Когда в твоем доме слышны голоса любимых людей, он сразу становится осмысленным и веселым. Почему семьи так часто несчастны? Неужели на каком-то мистическом кастинге специально подбирают людей, не подходящих друг другу? Франческо и Клаудиа, Андреа и Елена, ее отец и мать… Или в брачном контракте есть особый пункт, в соответствии с которым любовь нужно посыпать нафталином, упрятать в бабушкин сундук и, вооружившись терпением, горькими упреками и нудными нотациями, посвятить себя домашним обязанностям и супружескому долгу. Черт его знает. На ток-шоу и на официальных обедах кто-нибудь всегда утверждает, что любит свою жену (или мужа) как в первый день знакомства. Какая чушь! Лаура никогда в это не верила. Страсть растет, когда нет возможности ее удовлетворить, а привычка убивает страсть. Уж кому, как не Лауре, бывшей любовнице женатого человека, это знать? Снова она одна, снова не у дел. А у кого положение лучше? Объективности не существует, это трюк иллюзионистов, человек всегда осуждает других и слепо верит в то, во что хочет верить. Все, хватит, пора работать. Нужно выбрать какое-нибудь письмо. Лаура быстро просматривала все письма, ища или необычный почерк, или смешное начало, или интересную подробность. А можно выбрать письмо, написанное на бумаге самого подходящего к ее настроению цвета. Ей самой казалось сомнительной радостью попасться в руки такой никудышной советчицы, как она. Но, черт побери, не так-то просто поймать за хвост удачу.

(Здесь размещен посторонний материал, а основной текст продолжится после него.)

(* There exists a bounded Jordan domain $D\subsetneq\mathbb{R}^2$ which is $\varphi$-uniform for some $\varphi$, such that $\mathbb{R}^2\setminus\overline{D}$ is not $\psi$-uniform for any $\psi$.
   Context: For a domain $G\subsetneq\mathbb{R}^n$ and $x\in G$, $\delta(x)$ denotes the Euclidean distance from $x$ to $\partial G$. The quasihyperbolic metric is $k_G(x,y)=\inf_\gamma\int_\gamma\frac{|dz|}{\delta(z)}$, the infimum over rectifiable paths joining $x,y$ in $G$. Given a strictly increasing homeomorphism $\varphi:[0,\infty)\to[0,\infty)$ with $\varphi(0)=0$, $G$ is $\varphi$-uniform if $k_G(x,y)\le\varphi\big(\frac{|x-y|}{\min\{\delta(x),\delta(y)\}}\big)$ for all $x,y\in G$; ''not $\psi$-uniform for any $\psi$'' means this fails for every such homeomorphism $\psi$. *)

From Stdlib Require Import Reals.
From Coquelicot Require Import Coquelicot.
Open Scope R_scope.

Definition pt : Type := (R * R)%type.
Definition dist2 (p q : pt) : R :=
  sqrt ((fst p - fst q) ^ 2 + (snd p - snd q) ^ 2).
Definition norm2 (p : pt) : R := sqrt (fst p ^ 2 + snd p ^ 2).

Definition is_open (G : pt -> Prop) : Prop :=
  forall x, G x -> exists r, 0 < r /\ forall y, dist2 x y < r -> G y.
Definition closure (G : pt -> Prop) (x : pt) : Prop :=
  forall r, 0 < r -> exists y, G y /\ dist2 x y < r.
Definition interior (G : pt -> Prop) (x : pt) : Prop :=
  exists r, 0 < r /\ forall y, dist2 x y < r -> G y.
Definition boundary (G : pt -> Prop) (x : pt) : Prop :=
  closure G x /\ ~ interior G x.
Definition is_connected (G : pt -> Prop) : Prop :=
  ~ exists U V : pt -> Prop, is_open U /\ is_open V /\
      (forall x, G x -> U x \/ V x) /\
      (forall x, G x -> U x -> V x -> False) /\
      (exists x, G x /\ U x) /\ (exists x, G x /\ V x).
Definition is_domain (G : pt -> Prop) : Prop :=
  (exists x, G x) /\ is_open G /\ is_connected G.
Definition is_bounded (G : pt -> Prop) : Prop :=
  exists M, forall x, G x -> norm2 x <= M.

Definition cont01 (g : R -> pt) : Prop :=
  forall t, 0 <= t <= 1 -> forall eps, 0 < eps -> exists eta, 0 < eta /\
    forall s, 0 <= s <= 1 -> Rabs (s - t) < eta -> dist2 (g s) (g t) < eps.

Definition jordan_curve (g : R -> pt) : Prop :=
  cont01 g /\ g 0 = g 1 /\
  (forall s t, 0 <= s < 1 -> 0 <= t < 1 -> g s = g t -> s = t).
Definition jordan_domain (D : pt -> Prop) : Prop :=
  is_domain D /\ exists g, jordan_curve g /\
    forall z, boundary D z <-> exists t, 0 <= t <= 1 /\ g t = z.

Fixpoint rsum (f : nat -> R) (n : nat) : R :=
  match n with O => 0 | S k => rsum f k + f k end.

Definition partition (a b : R) (n : nat) (p : nat -> R) : Prop :=
  p O = a /\ p n = b /\ (forall i, (i < n)%nat -> p i < p (S i)).

Definition arclen (g : R -> pt) (a b : R) : Rbar :=
  Lub_Rbar (fun v => exists n p, partition a b n p /\
              v = rsum (fun i => dist2 (g (p i)) (g (p (S i)))) n).
Definition rectifiable (g : R -> pt) : Prop := is_finite (arclen g 0 1).
Definition arcfun (g : R -> pt) (t : R) : R := real (arclen g 0 t).

(** Line integral  \int_g w ds  as a Riemann-Stieltjes integral
    \int_0^1 w(g t) d s(t) with respect to the arc length function. *)
Definition is_line_int (w : pt -> R) (g : R -> pt) (I : R) : Prop :=
  forall eps, 0 < eps -> exists eta, 0 < eta /\
    forall n p xi, partition 0 1 n p ->
      (forall i, (i < n)%nat -> p (S i) - p i < eta) ->
      (forall i, (i < n)%nat -> p i <= xi i <= p (S i)) ->
      Rabs (rsum (fun i => w (g (xi i)) * (arcfun g (p (S i)) - arcfun g (p i))) n
            - I) < eps.

Definition delta (G : pt -> Prop) (x : pt) : R :=
  real (Glb_Rbar (fun r => exists z, boundary G z /\ r = dist2 x z)).

Definition path_in (G : pt -> Prop) (x y : pt) (g : R -> pt) : Prop :=
  cont01 g /\ g 0 = x /\ g 1 = y /\ (forall t, 0 <= t <= 1 -> G (g t)).

Definition qh_metric (G : pt -> Prop) (x y : pt) : Rbar :=
  Glb_Rbar (fun v => exists g, path_in G x y g /\ rectifiable g /\
              is_line_int (fun z => / delta G z) g v).

Definition homeo0 (phi : R -> R) : Prop :=
  phi 0 = 0 /\
  (forall s t, 0 <= s -> s < t -> phi s < phi t) /\
  (forall t, 0 <= t -> forall eps, 0 < eps -> exists eta, 0 < eta /\
     forall s, 0 <= s -> Rabs (s - t) < eta -> Rabs (phi s - phi t) < eps) /\
  (forall y, 0 <= y -> exists x, 0 <= x /\ phi x = y).

Definition phi_uniform (G : pt -> Prop) (phi : R -> R) : Prop :=
  forall x y, G x -> G y ->
    Rbar_le (qh_metric G x y)
            (Finite (phi (dist2 x y / Rmin (delta G x) (delta G y)))).

Definition ext_closure (D : pt -> Prop) (x : pt) : Prop := ~ closure D x.

From Pilot Require Import Defs.
From Stdlib Require Import Reals.
From Coquelicot Require Import Coquelicot.
Open Scope R_scope.
From Stdlib Require Import Rgeom Lra Lia Psatz Classical Arith.

(* The cusp D = {(u, v) : 0 < u < 1, |v| < u^2} works.  Inside D the distance to the
   boundary is comparable to the margin m(z) = min (u^2 - |v|, 1 - u), and a segment keeps at
   least half of the smaller margin of its endpoints when it ends at the centre (1/2, 0) or when
   |x - y|^2 <= 2 m.  Joining x and y directly in the second case and through the centre
   otherwise gives k_D(x, y) <= 9 t^2 + 6 t, t = |x - y| / min (delta x, delta y).
   Outside the closed cusp, the points (s, +-2 s^2) are 4 s^2 apart and at distance at least
   s^2 / 2 from the boundary, so their ratio is at most 8.  A path joining them has to cross
   the axis outside [0, 1], at distance at least s from (s, 2 s^2), while along it
   delta(z) <= s^2 + |z - (s, 2 s^2)|; hence its quasihyperbolic length is at least
   ln (1 + 1 / s), which is unbounded as s -> 0. *)

Lemma dist2_nonneg p q : 0 <= dist2 p q.
Proof. apply sqrt_pos. Qed.

Lemma dist2_sym p q : dist2 p q = dist2 q p.
Proof. unfold dist2; f_equal; ring. Qed.

Lemma dist2_refl p : dist2 p p = 0.
Proof.
  unfold dist2. replace ((fst p - fst p) ^ 2 + (snd p - snd p) ^ 2) with 0 by ring.
  apply sqrt_0.
Qed.

Lemma dist2_triangle p q r : dist2 p r <= dist2 p q + dist2 q r.
Proof.
  pose proof (Rgeom.triangle (fst p) (snd p) (fst r) (snd r) (fst q) (snd q)) as H.
  unfold dist_euc in H. rewrite !Rsqr_pow2 in H. exact H.
Qed.

Lemma dist2_sq p q : dist2 p q ^ 2 = (fst p - fst q) ^ 2 + (snd p - snd q) ^ 2.
Proof.
  apply pow2_sqrt.
  pose proof (pow2_ge_0 (fst p - fst q)); pose proof (pow2_ge_0 (snd p - snd q)); lra.
Qed.

Lemma Rabs_sqrt_pow2 a : Rabs a = sqrt (a ^ 2).
Proof. rewrite <- pow2_abs, sqrt_pow2; [reflexivity | apply Rabs_pos]. Qed.

Lemma dist2_fst p q : Rabs (fst p - fst q) <= dist2 p q.
Proof.
  rewrite Rabs_sqrt_pow2. apply sqrt_le_1_alt.
  pose proof (pow2_ge_0 (snd p - snd q)). lra.
Qed.

Lemma dist2_snd p q : Rabs (snd p - snd q) <= dist2 p q.
Proof.
  rewrite Rabs_sqrt_pow2. apply sqrt_le_1_alt.
  pose proof (pow2_ge_0 (fst p - fst q)). lra.
Qed.

Lemma dist2_eq_0 p q : dist2 p q = 0 -> p = q.
Proof.
  intros H. pose proof (dist2_fst p q). pose proof (dist2_snd p q).
  pose proof (Rabs_pos (fst p - fst q)). pose proof (Rabs_pos (snd p - snd q)).
  destruct p as [a b], q as [c d]; cbn [fst snd] in *.
  assert (Ea : Rabs (a - c) = 0) by lra. assert (Eb : Rabs (b - d) = 0) by lra.
  apply Rabs_eq_0 in Ea, Eb. f_equal; lra.
Qed.

Lemma dist2_le_l1 p q : dist2 p q <= Rabs (fst p - fst q) + Rabs (snd p - snd q).
Proof.
  unfold dist2. set (a := fst p - fst q); set (b := snd p - snd q).
  pose proof (Rabs_pos a); pose proof (Rabs_pos b).
  rewrite <- (sqrt_pow2 (Rabs a + Rabs b)) by lra.
  apply sqrt_le_1_alt. rewrite <- (pow2_abs a), <- (pow2_abs b). nra.
Qed.

Lemma dist2_lt_coord p q r :
  dist2 p q < r -> Rabs (fst p - fst q) < r /\ Rabs (snd p - snd q) < r.
Proof. pose proof (dist2_fst p q); pose proof (dist2_snd p q); lra. Qed.

Lemma dist2_vertical u v w : dist2 (u, v) (u, w) = Rabs (v - w).
Proof.
  unfold dist2; cbn [fst snd]. rewrite Rabs_sqrt_pow2. f_equal. ring.
Qed.

Lemma dist2_horizontal u w v : dist2 (u, v) (w, v) = Rabs (u - w).
Proof.
  unfold dist2; cbn [fst snd]. rewrite Rabs_sqrt_pow2. f_equal. ring.
Qed.

Definition lerp (x y : pt) (l : R) : pt :=
  (fst x + l * (fst y - fst x), snd x + l * (snd y - snd x)).

Lemma dist2_lerp x y a b :
  dist2 (lerp x y a) (lerp x y b) = Rabs (a - b) * dist2 x y.
Proof.
  unfold dist2.
  transitivity (sqrt ((a - b) ^ 2 * ((fst x - fst y) ^ 2 + (snd x - snd y) ^ 2))).
  - f_equal. unfold lerp; cbn [fst snd]. ring.
  - rewrite sqrt_mult_alt by apply pow2_ge_0. rewrite <- Rabs_sqrt_pow2. reflexivity.
Qed.

Lemma lerp0 x y : lerp x y 0 = x.
Proof. destruct x; unfold lerp; simpl; f_equal; ring. Qed.

Lemma lerp1 x y : lerp x y 1 = y.
Proof. destruct x, y; unfold lerp; simpl; f_equal; ring. Qed.

Lemma lerp_sym x y l : lerp x y l = lerp y x (1 - l).
Proof. unfold lerp; f_equal; ring. Qed.

Lemma lerp_lerp_mid_l x y l : lerp x (lerp x y (1/2)) l = lerp x y (l / 2).
Proof. unfold lerp; cbn [fst snd]; f_equal; field. Qed.

Lemma lerp_lerp_mid_r x y l : lerp (lerp x y (1/2)) y l = lerp x y (1/2 + l / 2).
Proof. unfold lerp; cbn [fst snd]; f_equal; field. Qed.

Lemma dist2_lerp_r x y l : 0 <= l -> dist2 x (lerp x y l) = l * dist2 x y.
Proof.
  intros Hl. rewrite <- (lerp0 x y) at 1. rewrite dist2_lerp.
  rewrite Rabs_minus_sym, Rminus_0_r, Rabs_right by lra. reflexivity.
Qed.

Lemma dist2_lerp_l x y l : l <= 1 -> dist2 (lerp x y l) y = (1 - l) * dist2 x y.
Proof.
  intros Hl. rewrite <- (lerp1 x y) at 2. rewrite dist2_lerp.
  rewrite Rabs_minus_sym, Rabs_right by lra. reflexivity.
Qed.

Рим, обычный день, в отчаянии
Привет, Лаура!
Меня зовут Сара (если опубликуешь письмо, измени имя), я девушка по вызову (именно так). Я думаю, мы примерно одного возраста, поэтому обращаюсь на «ты», хотя между нами огромная пропасть двух непохожих жизней (ты, должно быть, гордишься своей, а я не могу не стыдиться моей).
Почему я пишу именно тебе? Ответ прост: пока я всеми правдами и неправдами пыталась прославиться, я так и не нашла (да и не искала) ни одной настоящей подруги; папе с мамой я не могу рассказать правду, а мужчины (которых у меня было слишком много еще до того, как я стала профессионалкой) всегда только использовали меня, и я не доверяю им. Ты — пример того, кем я могла бы стать, если бы не встретила второклассного рекламного режиссера и он не запудрил бы мне мозги первоклассной чушью (он был первым, кто оказался в моей постели, чтобы помочь мне). «Как ты красива, ты самая красивая девушка из всех, с кем я знаком», «Твое лицо создано для экрана», «Увидишь, куда я помогу тебе пробиться»… Ты знаешь, как действуют эти сладкие речи, эти обещания мировой славы на наивных провинциалок? Избалованная, как все единственные дети в семье, слишком элегантная и утонченная для своего убогого круга, слишком амбициозная, чтобы довольствоваться достигнутым, но недостаточно умная, чтобы серьезно учиться и по-настоящему поверить в себя. Так прошла молодость — в мечтах о карьере актрисы, топ-модели, в общем, кого угодно, только бы не учиться. Я продолжала терять драгоценное время, бросила университет, и в один прекрасный день стало слишком поздно. Как я могла сказать родителям: никто в меня не верит так, как вы, никто меня не любит так, как Марчелло, которого я бросила только за то, что он работает зубным техником? В школе я училась кое-как, зарабатывать начала рано. Снималась в рекламе. Что я только не рекламировала, каждый божий день по три-четыре пробы, как тут не провалить экзамен по итальянской литературе?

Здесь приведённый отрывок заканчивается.